Invisible Queerness of Georgian Silent Cinema: Monstrous Femininities in Kote Mikaberidze's My Grandmother (1929)

Date
-
Event Sponsor
Department of Slavic Languages and Literatures, CREEES Center for Russian, East European & Eurasian Studies
Location
Encina Hall West, Room 219

Kote Mikaberidze’s directorial debut My Grandmother (current slang name for a protector) is considered as one of the masterpieces of Soviet silent cinema by contemporary critics.  Filmed in 1929, the film initially was supposed to show “the right way to the masses” and explore the bureaucracy and bourgeois elements intertwined into state system.  Nevertheless, the film was banned for forty years and gave a dramatic turn to Mikaberidze’s career, who was no longer given the opportunity to work seriously in the field.
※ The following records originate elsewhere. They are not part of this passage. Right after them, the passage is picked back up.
(* Lower bound: the Koszul flattening of T in A (x) B (x) C, A = C^4, is the map
   Lambda^2 A (x) B^* -> Lambda^3 A (x) C,
   x (x) beta |-> sum_i (x /\ a_i) (x) T(a_i, beta, .).
   For a rank-one tensor a (x) b (x) c it factors through x |-> x /\ a, whose kernel
   contains a, so it has rank at most 3.  For T4 it is a 24 x 24 matrix K with
   inverse (K^T + E)/2 for an explicit sign matrix E.  Full rank survives small
   perturbations, so a tensor of rank r close enough to T4 gives 24 <= 3 r.
   Upper bound: eight rank-one tensors whose entries are Laurent polynomials in t
   sum to T4 + O(t). *)

From HB Require Import structures.
From mathcomp Require Import all_boot all_order all_algebra.
From mathcomp Require Import reals complex.
From mathcomp Require Import ring zify.
Import Order.TTheory GRing.Theory Num.Theory.
Local Open Scope ring_scope.
Set Implicit Arguments. Unset Strict Implicit. Unset Printing Implicit Defensive.

Lemma sum_enum_val (R : nmodType) (T : finType) (f : T -> R) :
  \sum_(q < #|{: T}|) f (enum_val q) = \sum_x f x.
Proof. by rewrite -big_enum_val. Qed.

Lemma sum_antisym_eq0 (F : numFieldType) (I : finType) (f : I -> I -> F)
    (x : I -> F) :
  (forall i m, f i m = - f m i) -> \sum_i \sum_m f i m * x i * x m = 0.
Proof.
move=> f_antisym; set s := LHS; apply/eqP.
suff : s *+ 2 == 0 by rewrite mulrn_eq0.
rewrite mulr2n {2}/s exchange_big /= -big_split big1 // => i _.
rewrite -big_split big1 // => m _ /=.
by rewrite f_antisym mulNr mulrAC mulNr addNr.
Qed.

Lemma mxrank_sum_le (F : fieldType) m n r (A : 'I_r -> 'M[F]_(m, n)) :
  (\rank (\sum_l A l)%R <= \sum_l \rank (A l))%N.
Proof.
elim/big_ind2: _ => [|B1 k1 B2 k2 le1 le2|l _]; rewrite ?mxrank0 //.
exact: leq_trans (mxrank_add _ _) (leq_add le1 le2).
Qed.

Lemma lt1_div_add1 (F : numFieldType) (x : F) : 0 <= x -> x / (x + 1) < 1.
Proof. by move=> x_ge0; rewrite ltr_pdivrMr ?mul1r ?ltrDl ?ltr01 ?ltr_wpDl. Qed.

Lemma ge0_div_add1 (F : numFieldType) (x : F) : 0 <= x -> 0 <= x / (x + 1).
Proof. by move=> x_ge0; rewrite divr_ge0 ?addr_ge0. Qed.

Lemma row_free_perturb (F : numFieldType) m n (M M' : 'M[F]_(m, n))
    (N : 'M[F]_(n, m)) (e : F) :
  M *m N = 1%:M -> e * \sum_q \sum_r `|N q r| < 1 ->
  (forall i j, `|M' i j - M i j| <= e) -> row_free M'.
Proof.
move=> MN small close; apply: inj_row_free => y yM'.
pose s := \sum_p `|y 0 p|.
have s_ge0 : 0 <= s by apply: sumr_ge0.
have yE : y = y *m (M - M') *m N by rewrite mulmxBr yM' subr0 -mulmxA MN mulmx1.
have yD_le q : `|(y *m (M - M')) 0 q| <= e * s.
  rewrite mxE mulr_sumr; apply: le_trans (ler_norm_sum _ _ _) _.
  apply: ler_sum => p _; rewrite normrM mulrC !mxE distrC.
  by apply: ler_wpM2r; [exact: normr_ge0 | exact: close].
have y_le r : `|y 0 r| <= e * s * \sum_q `|N q r|.
  rewrite {1}yE mxE mulr_sumr; apply: le_trans (ler_norm_sum _ _ _) _.
  by apply: ler_sum => q _; rewrite normrM; apply: ler_wpM2r.
have s_le : s <= e * (\sum_q \sum_r `|N q r|) * s.
  rewrite [X in _ <= X]mulrAC exchange_big mulr_sumr.
  by apply: ler_sum => r _; exact: y_le.
have s0 : s = 0.
  apply/eqP; rewrite eq_le s_ge0 andbT.
  have : (1 - e * \sum_q \sum_r `|N q r|) * s <= 0.
    by rewrite mulrBl mul1r subr_le0.
  by rewrite pmulr_rle0 // subr_gt0.
apply/rowP => r; apply/eqP; rewrite mxE -normr_eq0; apply/eqP.
by move/psumr_eq0P: s0 => ->.
Qed.

(* S indexes a basis (e_s) of Lambda^p A and I a basis (a_i) of A; kappa s i m
   is the coordinate of e_s /\ a_i on the m-th vector of a basis of
   Lambda^(p+1) A = A^* (p + 1 = dim A - 1). *)
Section Koszul.
Variables (F : numFieldType) (I J K S : finType) (kappa : S -> I -> I -> F).
Hypothesis kappa_antisym : forall s i m, kappa s i m = - kappa s m i.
This talk will argue that the bizarre and eccentric queerness of My Grandmother (in the widest understanding of this term) manifests on two levels: first “queer” marks its eccentricity and subversive character towards the “hegemony” and “normality” of Georgia’s State Film Industry’s productions, which does not quite fit into any artistic movement; second, it is queer and outside the mainstream in its hyperbolic representation of gender relations.
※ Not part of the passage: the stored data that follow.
Lemma weighted_le_all2 (f g : rd N R -> nat) (Q : rel (rd N R)) e1 e2 :
  (forall x y, Q x y -> x.1.1 = y.1.1 /\ (f x <= g y)%N) ->
  all2 Q e1 e2 -> sorted (fun x y : rd N R => x.1.1 <= y.1.1) e1 ->
  weighted f e1 <= weighted g e2.
Proof.
move=> Qfg; elim: e1 e2 => [|x e1 IH] [|x' e2] //= /andP [Qx Q12] sorted1.
have le12 := IH _ Q12 (path_sorted sorted1).
case: e1 e2 Q12 sorted1 le12 {IH} => [|y e1] [|y' e2] //= /andP [Qy _].
case/andP=> le_xy _; have [<- fg_x] := Qfg _ _ Qx; have [<- _] := Qfg _ _ Qy.
by move=> le12; apply: lerD le12; apply: ler_wpM2r; rewrite ?subr_ge0 ?ler_nat.
Qed.

Lemma run_aux_times L hist rs : map (fun r : rd N R => r.1) (run_aux W L hist rs) = rs.
Proof. by elim: rs hist => [|[t V] rs IH] hist //=; rewrite IH. Qed.

Lemma run_sorted L rs : sorted (fun x y : R * {set N} => x.1 <= y.1) rs ->
  sorted (fun x y : rd N R => x.1.1 <= y.1.1) (run W L rs).
Proof. by rewrite -{1}(run_aux_times L [::] rs) sorted_map. Qed.

Definition dominates (L1 L2 : lens) :=
  forall h1 h2 tau V, all2 fresher_read h1 h2 ->
    fresher_ver tau (Defs.choose W L1 h1 tau V) (Defs.choose W L2 h2 tau V).

Lemma run_fresher L1 L2 rs :
  dominates L1 L2 -> all2 fresher_read (run W L1 rs) (run W L2 rs).
Proof.
move=> dom12; rewrite /run.
suff: forall h1 h2, all2 fresher_read h1 h2 ->
  all2 fresher_read (run_aux W L1 h1 rs) (run_aux W L2 h2 rs) by apply.
elim: rs => [|[t V] rs IH] h1 h2 h12 //=.
have fresh : fresher_read (t, V, Defs.choose W L1 h1 t V) (t, V, Defs.choose W L2 h2 t V).
  by rewrite /fresher_read eqxx dom12.
by rewrite fresh IH // all2_rcons.
Qed.

Lemma staleness_le_dominates L1 L2 rs :
  dominates L1 L2 -> sorted (fun x y : R * {set N} => x.1 <= y.1) rs ->
  staleness W L1 rs <= staleness W L2 rs.
Proof.
move=> dom12 /(run_sorted L1) sorted1.
apply: weighted_le_all2 (run_fresher rs dom12) sorted1 => x y fresh.
by split; [apply: fresher_read_time | apply: n_stale_read_fresher].
Qed.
Salome Tsopurashvili holds a PhD in gender studies from Tbilisi State University, Georgia and Master's degree in gender studies from Central European University, Hungary. From 2010-15, she was a scholar fellow of the Academic Fellowship Program of the Open Society Foundations, and has been teaching at the Institute for Gender Studies at Tbilisi State University for the past eight years. Her PhD thesis, “Women’s Representations in 1920s Georgian Soviet Silent Cinema: Modifications, Agency and Social Class,” advised by Professor Denise J. Youngblood (University of Vermont), examines themes of orientalization, class and women’s emancipation in 1920s Georgian Soviet silent films. She is author of several publications and a contributor to the edited volume, Gender in Georgia: Feminist Perspectives on Culture, Nation and History in the South Caucasus (eds. Maia Barkaia & Alisse Waterston), being published by Berghahn Books.